Another Island fishing guide, Capt. Craig Woolly, said he has personally not seen much evidence of extensive fish mortality but has seen airborne footage and has heard anecdotal reports of significant fish kills in the region.
“The team at Paradise (beach condos) removed 142,000 pounds of dead mullet, and I have seen drone footage of both sides of the Arroyo Colorado up north, where to me it looked devastating,” Woolly said Thursday. “I have friends of mine who fish out of Port Mansfield and in certain areas up there they’ve seen a bunch of dead speckled trout, some redfish and lots of dead black drum. The dead black drum thing kind of surprised me more than anything.”
Woolly said one acquaintance of his is a commercial fisherman specializing in black drum, selling to local restaurants.
“I saw him at the dock, I guess early last week, and I asked him, ‘Have you been up around the gas wells?,’ that’s up around the Dunkin House or the Cullen House if you’re familiar with the bay system,” Woolly said. “That’s about 15 miles up north from South Padre Island here. And his quote was ‘millions.’”
One for the books
Previously, major fish kills due to cold weather occurred in December 1983, with an estimated 14.4 million fish dead along the entire Texas coast; in February 1989, which killed 11.3 million fish between East Matagorda Bay down to the Lower Laguna Madre; and in December 1989, 6.2 million fish were estimated to have been killed.
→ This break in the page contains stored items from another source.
(* Let $(N,\mathcal{M})$ be a matroid of rank $K\ge 1$ and $Z:2^N\to\mathbb{R}$ a monotone submodular function with $Z(\emptyset)=0$ and curvature $c$. Let $\Omega$ be an optimal basis, i.e. $\Omega\in\mathcal{M}$, $|\Omega|=K$ and $Z(\Omega)=\max\{Z(S):S\in\mathcal{M}\}$, and assume $Z(\Omega)>0$. Let $G=G^K$ be the output of any run of the GREEDY algorithm (with arbitrary tie-breaking), with discriminants $d_i$ and index $i_0$ as defined in the context, and let $d_{\min}=\min_{i<i_0} d_i$ (with $d_{\min}=\infty$ if there is no $i<i_0$). Then $$\frac{Z(G)}{Z(\Omega)}\;\ge\;\min\left(1,\ \frac{1}{c+\max_{i<i_0}\frac{1}{d_i}}\right)=\min\left(1,\ \frac{1}{c+\frac{1}{d_{\min}}}\right),$$ with the conventions $1/\infty=0$ and $1/0=\infty$ (so the right-hand side is $1$ when $c+1/d_{\min}=0$).
   Context: A matroid $(N,\mathcal{M})$ on a finite ground set $N$ is a family $\mathcal{M}\subseteq 2^N$ of ''independent sets'' with $\emptyset\in\mathcal{M}$, closed under taking subsets, and satisfying augmentation: if $S,T\in\mathcal{M}$ and $|T|>|S|$ then there is $x\in T\setminus S$ with $S\cup\{x\}\in\mathcal{M}$. Its rank $K$ is the maximum cardinality of an independent set; a basis is an independent set of cardinality $K$. For $S\subseteq N$ and $q\in N$, $\rho_q(S)=Z(S\cup\{q\})-Z(S)$. $Z$ is monotone if $Z(S)\le Z(T)$ for $S\subseteq T$, and submodular if $\rho_x(T)\le\rho_x(S)$ whenever $S\subseteq T\subseteq N$, $x\notin T$. The curvature of $Z$ is $c=1-\min\{\rho_j(S)/\rho_j(\emptyset): S\subseteq N,\ j\in N\setminus S,\ \rho_j(\emptyset)>0\}$. For $S\subseteq N$, $S_\bot=\{j\in N\setminus S: S\cup\{j\}\in\mathcal{M}\}$. GREEDY algorithm: set $G^0=\emptyset$; for $i=1,\dots,K$, choose $g_i\in\arg\max\{\rho_q(G^{i-1}): q\in G^{i-1}_\bot\}$ (ties broken arbitrarily) and set $G^i=G^{i-1}\cup\{g_i\}$; output $G=G^K$. Write $\rho_i=\rho_{g_i}(G^{i-1})$. Discriminant at iteration $i$: $d_i=\rho_{g_i}(G^{i-1})/\max\{\rho_{g'}(G^{i-1}): g'\in G^{i-1}_\bot,\ g'\neq g_i\}$, with $d_i=\infty$ if that maximum is $0$. $i_0=\min\{i\in\{1,\dots,K\}: |G^{i-1}_\bot|=K-i+1\}$ (this set is nonempty, since $|G^{K-1}_\bot|\ge 1$ and any larger value would allow independent sets of size $K+1$... in any case set $i_0=K+1$ if it is empty). *)

From HB Require Import structures.
From mathcomp Require Import all_boot all_order all_algebra.
Set Implicit Arguments. Unset Strict Implicit. Unset Printing Implicit Defensive.
Import Order.TTheory GRing.Theory Num.Theory.
Local Open Scope ring_scope.

Section Defs.
Variable T : finType.

Definition is_matroid (indep : {set T} -> bool) : Prop :=
  [/\ indep set0,
      (forall S U : {set T}, U \subset S -> indep S -> indep U) &
      (forall S U : {set T}, indep S -> indep U -> (#|S| < #|U|)%N ->
         exists2 x, x \in U :\: S & indep (x |: S))].

Definition is_rank (indep : {set T} -> bool) (K : nat) : Prop :=
  (exists2 S, indep S & #|S| = K) /\ (forall S, indep S -> (#|S| <= K)%N).

Definition sbot (indep : {set T} -> bool) (S : {set T}) : {set T} :=
  [set j | (j \notin S) && indep (j |: S)].

Variable R : realFieldType.

Definition rho (Z : {set T} -> R) (q : T) (S : {set T}) : R :=
  Z (q |: S) - Z S.

Definition monotone (Z : {set T} -> R) : Prop :=
  forall S U : {set T}, S \subset U -> Z S <= Z U.

Definition submodular (Z : {set T} -> R) : Prop :=
  forall (S U : {set T}) (x : T), S \subset U -> x \notin U ->
    rho Z x U <= rho Z x S.

(** c is the curvature of Z:
    c = 1 - min { rho_j(S)/rho_j(emptyset) : j notin S, rho_j(emptyset) > 0 }
    (stated as "c = 1 - m where m is attained and is a lower bound"). *)
Definition is_curvature (Z : {set T} -> R) (c : R) : Prop :=
  (exists (S : {set T}) (j : T), [/\ j \notin S, 0 < rho Z j set0 &
                   c = 1 - rho Z j S / rho Z j set0]) /\
  (forall (S : {set T}) (j : T), j \notin S -> 0 < rho Z j set0 ->
                   1 - rho Z j S / rho Z j set0 <= c).

(** A run of GREEDY of length K is encoded by g : 'I_K -> T, where
    g k is the element chosen at iteration k+1 (0-based indexing). *)
Definition Gset (K : nat) (g : 'I_K -> T) (k : nat) : {set T} :=
  [set g j | j : 'I_K & (j < k)%N].

Definition is_greedy_run (indep : {set T} -> bool) (Z : {set T} -> R)
    (K : nat) (g : 'I_K -> T) : Prop :=
  forall k : 'I_K,
    g k \in sbot indep (Gset g k) /\
    (forall q, q \in sbot indep (Gset g k) ->
       rho Z q (Gset g k) <= rho Z (g k) (Gset g k)).

(** max { rho_{g'}(G^k) : g' in G^k_bot, g' <> g_k } (values are >= 0 for
    monotone Z, so using 0 as the neutral element is harmless). *)
Definition second_max (indep : {set T} -> bool) (Z : {set T} -> R)
    (K : nat) (g : 'I_K -> T) (k : 'I_K) : R :=
  \big[Num.max/0]_(q in sbot indep (Gset g k) | q != g k) rho Z q (Gset g k).

(** 1/d at iteration k+1, with d = rho_{g}(G^k)/second_max, and d = oo
    (so 1/d = 0) when second_max = 0. *)
Definition inv_disc (indep : {set T} -> bool) (Z : {set T} -> R)
    (K : nat) (g : 'I_K -> T) (k : 'I_K) : R :=
  let m := second_max indep Z g k in
  if m == 0 then 0 else m / rho Z (g k) (Gset g k).

(** i_0 (1-based) = min { i in 1..K : |G^(i-1)_bot| = K-i+1 }, or K+1. *)
Definition i0 (indep : {set T} -> bool) (K : nat) (g : 'I_K -> T) : nat :=
  (find (fun k => #|sbot indep (Gset g k)| == (K - k)%N) (iota 0 K)).+1.

(** max_{i < i_0} 1/d_i  (= 1/d_min), equal to 0 if there is no i < i_0. *)
Definition inv_dmin (indep : {set T} -> bool) (Z : {set T} -> R)
    (K : nat) (g : 'I_K -> T) : R :=
  \big[Num.max/0]_(k : 'I_K | (k.+1 < i0 indep g)%N) inv_disc indep Z g k.

End Defs.

From HB Require Import structures.
From mathcomp Require Import all_boot all_order all_algebra.
From mathcomp Require Import lra.
Import Order.TTheory GRing.Theory Num.Theory.
Set Implicit Arguments.
Unset Strict Implicit.
Unset Printing Implicit Defensive.
Local Open Scope ring_scope.

(* Greedy on a matroid versus an optimal basis Omega, with curvature c and
   delta = max_{i < i0} 1/d_i.  Writing G for the greedy output and rho_k for
   the gain of the k-th greedy step, the proof rests on three estimates:
   - submodularity:  Z(Omega u G) <= Z(G) + sum_{o in Omega\G} rho_o(G);
   - curvature:  Z(Omega) + (1-c) sum_{o in G\Omega} rho_o(0) <= Z(Omega u G);
   - charging:       the elements of Omega\G are matched injectively with the
     steps k such that g_k is not in Omega, o being still available at step k
     and k < i0, whence rho_o(G) <= rho_o(G^k) <= delta * rho_k.
   With X = sum_{g_k notin Omega} rho_k (so 0 <= X <= Z(G)) they combine to
   Z(Omega) <= Z(G) + (c + delta - 1) X, and a case split on the sign of
   c + delta - 1 gives the ratio bound. *)

Lemma finset_ind (T : finType) (P : {set T} -> Prop) :
  P set0 -> (forall (x : T) (S : {set T}), x \notin S -> P S -> P (x |: S)) ->
  forall S, P S.
Proof.
move=> P0 PU S; move: {2}#|S| (erefl #|S|) => n; elim: n S => [|n IH] S cS.
  by move/eqP: cS; rewrite cards_eq0 => /eqP ->.
have [x xS] : exists x, x \in S by apply/card_gt0P; rewrite cS.
rewrite -(setD1K xS); apply: PU; first by rewrite setD11.
by apply: IH; move: cS; rewrite (cardsD1 x) xS add1n => -[].
Qed.

Lemma setU_setD (T : finType) (A B : {set T}) : A :|: (B :\: A) = A :|: B.
Proof. by apply/setP => x; rewrite !inE; case: (x \in A). Qed.

Section SetFunction.
Variables (T : finType) (R : realFieldType) (Z : {set T} -> R).
Hypotheses (Hmono : monotone Z) (Hsub : submodular Z).

Lemma rho_ge0 x (S : {set T}) : 0 <= rho Z x S.
Proof. by rewrite /rho subr_ge0; apply: Hmono; apply: subsetUr. Qed.

(* Diminishing returns, also when x already belongs to the larger set
   (the gain is then 0). *)
Lemma rho_antitone x (S U : {set T}) : S \subset U -> rho Z x U <= rho Z x S.
Proof.
move=> SU; case xU: (x \in U); last by apply: Hsub; rewrite ?xU.
by rewrite /rho (setUidPr _) ?sub1set // subrr; apply: rho_ge0.
Qed.

Lemma Z_union_le (A S : {set T}) : Z (A :|: S) <= Z A + \sum_(o in S) rho Z o A.
Proof.
elim/finset_ind: S => [|x S xS IH]; first by rewrite setU0 big_set0 addr0.
rewrite big_setU1 //= setUCA.
have := rho_antitone x (subsetUl A S); rewrite /rho; lra.
Qed.

Variable c : R.
Hypothesis Hcurv : is_curvature Z c.

(* The curvature is attained by some ratio of nonnegative gains, so c <= 1. *)
Lemma curvature_le1 : c <= 1.
Proof.
case: Hcurv => [[S [j [_ hp ->]]] _].
have : 0 <= rho Z j S / rho Z j set0 by rewrite divr_ge0 ?rho_ge0 // ltW.
lra.
Qed.

Lemma curvature_gain_ge x (U : {set T}) :
  x \notin U -> (1 - c) * rho Z x set0 <= rho Z x U.
Proof.
move=> xU; have [hp|] := ltP 0 (rho Z x set0).
  by rewrite -ler_pdivlMr //; have := Hcurv.2 U x xU hp; lra.
move=> hle; have -> : rho Z x set0 = 0 by apply/eqP; rewrite eq_le hle rho_ge0.
by rewrite mulr0 rho_ge0.
Qed.

Lemma Z_union_ge (A S : {set T}) : {in S, forall x, x \notin A} ->
  Z A + (1 - c) * \sum_(o in S) rho Z o set0 <= Z (A :|: S).
Proof.
elim/finset_ind: S => [|x S xS IH] SA.
  by rewrite setU0 big_set0 mulr0 addr0.
have xA := SA x (setU11 x S).
have := IH (fun y yS => SA y (setU1r x yS)).
rewrite big_setU1 //= mulrDr setUCA.
have := @curvature_gain_ge x (A :|: S).
rewrite !inE (negbTE xA) (negbTE xS) /rho; lra.
Qed.

End SetFunction.

Lemma prefix_sumS {R : nmodType} {K i : nat} (hi : (i < K)%N)
    (P : pred 'I_K) (F : 'I_K -> R) :
  \sum_(k : 'I_K | (k < i.+1)%N && P k) F k =
  (if P (Ordinal hi) then F (Ordinal hi) else 0) +
  \sum_(k : 'I_K | (k < i)%N && P k) F k.
Proof.
have split_ltS (k : 'I_K) : (k < i.+1)%N = (k == Ordinal hi) || (k < i)%N.
  by rewrite ltnS leq_eqVlt -val_eqE.
case: ifP => Pk.
  rewrite (bigD1 (Ordinal hi)) /= ?ltnSn ?Pk //; congr (_ + _).
  apply: eq_bigl => k; rewrite split_ltS.
  by case: eqP => [->|] /=; rewrite ?ltnn ?andbF ?andbT.
rewrite add0r; apply: eq_bigl => k; rewrite split_ltS.
by case: eqP => [->|] //=; rewrite Pk ltnn andbF.
Qed.

Section GreedyRun.
Variables (T : finType) (R : realFieldType) (indep : {set T} -> bool)
  (K : nat) (Z : {set T} -> R) (g : 'I_K -> T).
Hypotheses (Hm : is_matroid indep) (Hmono : monotone Z) (Hsub : submodular Z)
  (HZ0 : Z set0 = 0) (Hg : is_greedy_run indep Z g).

Lemma indep_sub (S U : {set T}) : U \subset S -> indep S -> indep U.
Proof. by case: Hm => _ H _; apply: H. Qed.

Lemma memGset x i :
  reflect (exists2 j : 'I_K, (j < i)%N & x = g j) (x \in Gset g i).
Proof.
by apply: (iffP imsetP) => -[j]; rewrite ?inE => hj ->; exists j; rewrite ?inE.
Qed.

Lemma Gset0 : Gset g 0 = set0.
Proof. by apply/setP => x; rewrite inE; apply/memGset => -[]. Qed.

Lemma GsetS (k : 'I_K) : Gset g k.+1 = g k |: Gset g k.
Proof.
apply/setP => x; rewrite inE; apply/memGset/orP.
  move=> [j]; rewrite ltnS leq_eqVlt => /orP[/eqP/val_inj -> ->|jk ->].
    by left; rewrite in_set1.
  by right; apply/memGset; exists j.
move=> [/set1P ->|/memGset [j jk ->]]; first by exists k.
by exists j => //; apply: ltnW.
Qed.

Lemma Gset_mono i j : (i <= j)%N -> Gset g i \subset Gset g j.
Proof.
move=> ij; apply/subsetP => x /memGset [k ki ->]; apply/memGset.
by exists k => //; apply: leq_trans ki ij.
Qed.

Lemma mem_greedy (j : 'I_K) : g j \in Gset g K.
Proof. by apply/memGset; exists j. Qed.

Lemma greedy_step_available (k : 'I_K) :
  g k \notin Gset g k /\ indep (g k |: Gset g k).
Proof. by have := (Hg k).1; rewrite inE => /andP[]. Qed.

Lemma greedy_inj : injective g.
Proof.
have neq (i j : 'I_K) : (i < j)%N -> g i != g j.
  move=> ij; apply: contraNneq (greedy_step_available j).1 => <-.
  by apply/memGset; exists i.
by move=> i j e; case: (ltngtP i j) => [/neq|/neq|/val_inj //]; rewrite e eqxx.
Qed.

Lemma card_Gset i : (i <= K)%N -> #|Gset g i| = i.
Proof.
elim: i => [|i IH] hi; first by rewrite Gset0 cards0.
rewrite (GsetS (Ordinal hi)) cardsU1 (greedy_step_available _).1 IH //.
exact: ltnW.
Qed.

Lemma indep_Gset i : (i <= K)%N -> indep (Gset g i).
Proof.
case: i => [|i] hi; first by rewrite Gset0; case: Hm.
by rewrite (GsetS (Ordinal hi)); apply: (greedy_step_available _).2.
Qed.

(* The greedy gains of any subfamily of the first i steps sum to at most
   Z(G^i) (telescoping, the omitted gains being nonnegative). *)
Lemma greedy_gains_le (P : pred 'I_K) i : (i <= K)%N ->
  \sum_(k : 'I_K | (k < i)%N && P k) rho Z (g k) (Gset g k) <= Z (Gset g i).
Proof.
elim: i => [|i IH] hi; first by rewrite big_pred0 // Gset0 HZ0.
rewrite (prefix_sumS hi) (GsetS (Ordinal hi)).
have := IH (ltnW hi); have := rho_ge0 Hmono (g (Ordinal hi)) (Gset g i).
rewrite /rho /=; case: ifP => _; lra.
Qed.

Lemma available_antitone f k o : (f <= k)%N ->
  o \in sbot indep (Gset g k) -> o \in sbot indep (Gset g f).
Proof.
move=> fk; rewrite !inE => /andP[ok ik]; apply/andP; split.
  by apply: contra ok; apply: (subsetP (Gset_mono fk)).
by apply: indep_sub ik; apply/setUS/Gset_mono.
Qed.

Lemma later_choice_available f (j : 'I_K) : (f <= j)%N ->
  g j \in sbot indep (Gset g f).
Proof.
have [gj_new gj_indep] := greedy_step_available j.
by move=> fj; apply: available_antitone fj _; rewrite inE gj_new gj_indep.
Qed.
“I’m 60, so I’m old enough to remember the freezes of ‘83 and ‘89, and back in that time I lived in the Corpus Christi area,” Woolly said. “After the freeze of ‘89 it probably took a good four to six years for the fishing to get back just to the way it was before the freeze, and I would venture to say Parks and Wildlife is going to slash regulations big-time.”
“I’ve heard rumors of catch-and-release only for a year or two, I’ve heard rumors they’re going to cut it back to one trout, one redfish, one flounder as daily bag limits,” he added.
Current daily limits are five for trout and flounder, and three for redfish.
Re-assessing a resource
The first indication of a winter fish kill are the small fish, mullet, pinfish, sand trout, burr fish and other baitfish species, which float to the surface.
The larger fish, the ones sought by anglers, including red and black drum, spotted seatrout and snook, initially sink to the bottom and it takes a few days or a week or two for the extent of their collective fate to become visible.
Woolly said if the fishing is impacted negatively for a few years, it should be a wake-up call for sportsmen to reconsider the way they use the coastal fishing resource.
“I’m hoping that going forward from here, it’s going to be rude slap in the face to some people,” he said. “…Once they get out there, and they’ve been out there two or three times, and they’re not getting a bite much less catching a fish.”
“They’re going to start thinking, hopefully they will, maybe we need to be a little bit better stewards of what we have here, rather than having some sort of an ego picture with 25 trout and 12 reds and six black drum hanging on nails at some boat ramp somewhere,” Woolly said.